Zwischen dem Halterungsschenkel (15) und der Seitenwand (10) ist eine Nut (16) angeordnet.
[0032] Die Schutzbandage (5) besteht aus einem Tragkörper (17), der aus einem elastisch
kompressiblen Material gebildet ist. Als Material für den Tragkörper (17) wird beispielsweise
Schaumgummi verwendet. Alternativ ist die Verwendung eines elastischen Materials für
den Tragkörper (17) als geformtes Weichgummi vorgesehen. Im Bereich seiner der Seitenwand
(10) abgewandten Ausdehnung ist der Tragkörper (17) mit einer Abdeckung (18) versehen,
die aus einem flexiblen Material ausgebildet ist. Im Bereich der Ränder (19) weist
die Schutzbandage (5) Versteifungselemente (20) auf, die eine im wesentlichen plattenförmige
Gestaltung besitzen und aus Pappe oder Kunststoff gebildet sind. Die Versteifungselemente
(20) sind in die Nut (16) einführbar und spannen hierdurch die Abdeckung (18) über
den Tragkörper (17). Die Abdeckung (18) ist luftdurchlässig ausgeführt.
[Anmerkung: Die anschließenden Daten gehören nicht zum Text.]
(* Fix $a\ge0$ and $0\le\alpha\le\beta$. There is a constant $M_a^{\alpha,\beta}>0$, independent of $n$, $x$ and $f$, such that for every $f\in C_\rho^k[0,\infty)$ and every integer $n\ge1$, $$\sup_{x\ge0}\frac{|T_{n,a}^{\alpha,\beta}(f;x)-f(x)|}{(1+x^2)^3}\le M_a^{\alpha,\beta}\,\Omega\!\left(f;(n+\beta)^{-1/2}\right).$$
   Context: Fix $a\ge 0$ and real numbers $\alpha,\beta$ with $0\le\alpha\le\beta$. For $n\in\mathbb N=\{1,2,\dots\}$ let $(n)_0=1$, $(n)_i=n(n+1)\cdots(n+i-1)$, and $p_k(n,a)=\sum_{i=0}^{k}\binom{k}{i}(n)_i a^{k-i}$. For $x\ge0$ and $k=0,1,2,\dots$ put $W_{n,k}^a(x)=e^{-\frac{ax}{1+x}}\frac{p_k(n,a)}{k!}\frac{x^k}{(1+x)^{k+n}}$ (so that $\sum_{k\ge0}W_{n,k}^a(x)=1$). The generalized Baskakov–Kantorovich–Stancu operator is $T_{n,a}^{\alpha,\beta}(f;x)=(n+\beta)\sum_{k=0}^{\infty}W_{n,k}^a(x)\int_{\frac{k+\alpha}{n+\beta}}^{\frac{k+\alpha+1}{n+\beta}}f(t)\,dt$. With the weight $\rho(x)=1+x^2$: $C_\rho[0,\infty)$ is the set of continuous $f$ on $[0,\infty)$ with $|f(x)|\le M_f\rho(x)$ for some constant $M_f$, and $C_\rho^k[0,\infty)$ is the set of $f\in C_\rho[0,\infty)$ for which $\lim_{x\to\infty}f(x)/\rho(x)$ exists and is finite. The weighted modulus of continuity (Ispir) is, for $\delta>0$, $\Omega(f;\delta)=\sup\left\{\frac{|f(x+h)-f(x)|}{(1+h^2)(1+x^2)}: x\ge0,\ |h|\le\delta,\ x+h\ge0\right\}$. *)

From Stdlib Require Import Reals Lra Lia ClassicalEpsilon Arith Factorial Binomial.
Open Scope R_scope.

Fixpoint poch (x : R) (i : nat) : R :=
  match i with
  | O => 1
  | S j => poch x j * (x + INR j)
  end.

Definition pk (k n : nat) (a : R) : R :=
  sum_f_R0 (fun i => C k i * poch (INR n) i * a ^ (k - i)) k.

Definition W (n k : nat) (a x : R) : R :=
  exp (- (a * x / (1 + x))) * (pk k n a / INR (fact k))
  * (x ^ k / (1 + x) ^ (k + n)).

(* Riemann integral of f on [lo,hi] (the value of RiemannInt for any
   integrability proof; chosen by epsilon, meaningful when f is integrable). *)
Definition Rint (f : R -> R) (lo hi : R) : R :=
  epsilon (inhabits 0)
    (fun I => exists pr : Riemann_integrable f lo hi, RiemannInt pr = I).

Definition series_sum (u : nat -> R) : R :=
  epsilon (inhabits 0) (fun l => infinite_sum u l).

Definition T (n : nat) (a alpha beta : R) (f : R -> R) (x : R) : R :=
  (INR n + beta) *
  series_sum (fun k =>
    W n k a x *
    Rint f ((INR k + alpha) / (INR n + beta))
           ((INR k + alpha + 1) / (INR n + beta))).

Definition rho (x : R) : R := 1 + x ^ 2.

Definition cont_on_nonneg (f : R -> R) : Prop :=
  forall x, 0 <= x -> limit1_in f (fun y => 0 <= y) (f x) x.

Definition C_rho (f : R -> R) : Prop :=
  cont_on_nonneg f /\ exists Mf, forall x, 0 <= x -> Rabs (f x) <= Mf * rho x.

Definition C_rho_k (f : R -> R) : Prop :=
  C_rho f /\ exists L, forall eps, eps > 0 ->
    exists A, forall x, x >= A -> 0 <= x -> Rabs (f x / rho x - L) < eps.

Definition Omega_set (f : R -> R) (delta : R) (r : R) : Prop :=
  exists x h, 0 <= x /\ Rabs h <= delta /\ 0 <= x + h /\
    r = Rabs (f (x + h) - f x) / ((1 + h ^ 2) * (1 + x ^ 2)).

Definition Omega (f : R -> R) (delta : R) : R :=
  epsilon (inhabits 0) (fun s => is_lub (Omega_set f delta) s).

(** The kernel [W n k a x] is the convolution of the Baskakov (negative binomial)
    weights of order [n] at [y = x / (1 + x)] with the Poisson weights of mean
    [a y]; both have explicit factorial moments, hence explicit central moments
    of orders 2 and 4.  Subdividing [x, t] into at most [2 + (n + beta) (t - x)^2]
    steps of length [1 / sqrt (n + beta)] bounds [|f t - f x|] by
    [4 (1 + x^2) Omega (2 + (n + beta) (t - x)^2) (1 + (t - x)^2)].  On the k-th
    Kantorovich interval, writing [(n + beta) (t - x) = (i - n x) + (k - i) + r]
    with [|r| <= alpha + 1 + beta x] turns this weight into a sum of second and
    fourth central moments of the two factors, each [O((1 + x^2)^2)] uniformly in [n]. *)

From Stdlib Require Import Reals Lra Lia ZArith Factorial Binomial ClassicalEpsilon.
From Coquelicot Require Import Coquelicot.
Open Scope R_scope.

Lemma is_series_Rmult_l (c : R) (u : nat -> R) (l : R) :
  is_series u l -> is_series (fun k => c * u k) (c * l).
Proof. exact (is_series_scal_l c u l). Qed.

Lemma is_series_Rplus (u v : nat -> R) (lu lv : R) :
  is_series u lu -> is_series v lv -> is_series (fun k => u k + v k) (lu + lv).
Proof. exact (is_series_plus u v lu lv). Qed.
[0033] Bei der Ausführungsform gemäß Fig. 2 ist im Bereich der Seitenwand (10) zur Aufnahme
des Tragkörpers (17) eine Vertiefung (21) ausgebildet. Hierdurch wird die verfügbare
Elastizität des Tragkörpers (17) erhöht. Ausgehend von der Vertiefung (21) mit einer
Mittellinie (22) erstreckt sich der Tragkörper (17) über die Halterungsschenkel (15)
hinaus. Insbesondere ist daran gedacht, die Halterungsschenkel (15) im Bereich ihrer
der Nut (16) abgewandten Ausdehnung ebenfalls mit dem Tragkörper (17) abzudecken.
Der Tragkörper (17) weist hierdurch eine angenähert T-förmige Kontur auf, wobei der
Hauptschenkel der T-Kontur relativ breit ausgebildet ist.
[0034] An die Vertiefung (21) für den Tragkörper (17) schließt sich ein Zuführelement (25)
an, das einen Abluftkanal (26) begrenzt, der in den Bereich der dem Innenraum (12)
zugewandten Rückseite des Tragkörpers (17) geführt ist. Durch den Abluftkanal (26)
wird aus dem Gerät auszublasende Abluft in den Bereich des Tragkörpers (17) geleitet.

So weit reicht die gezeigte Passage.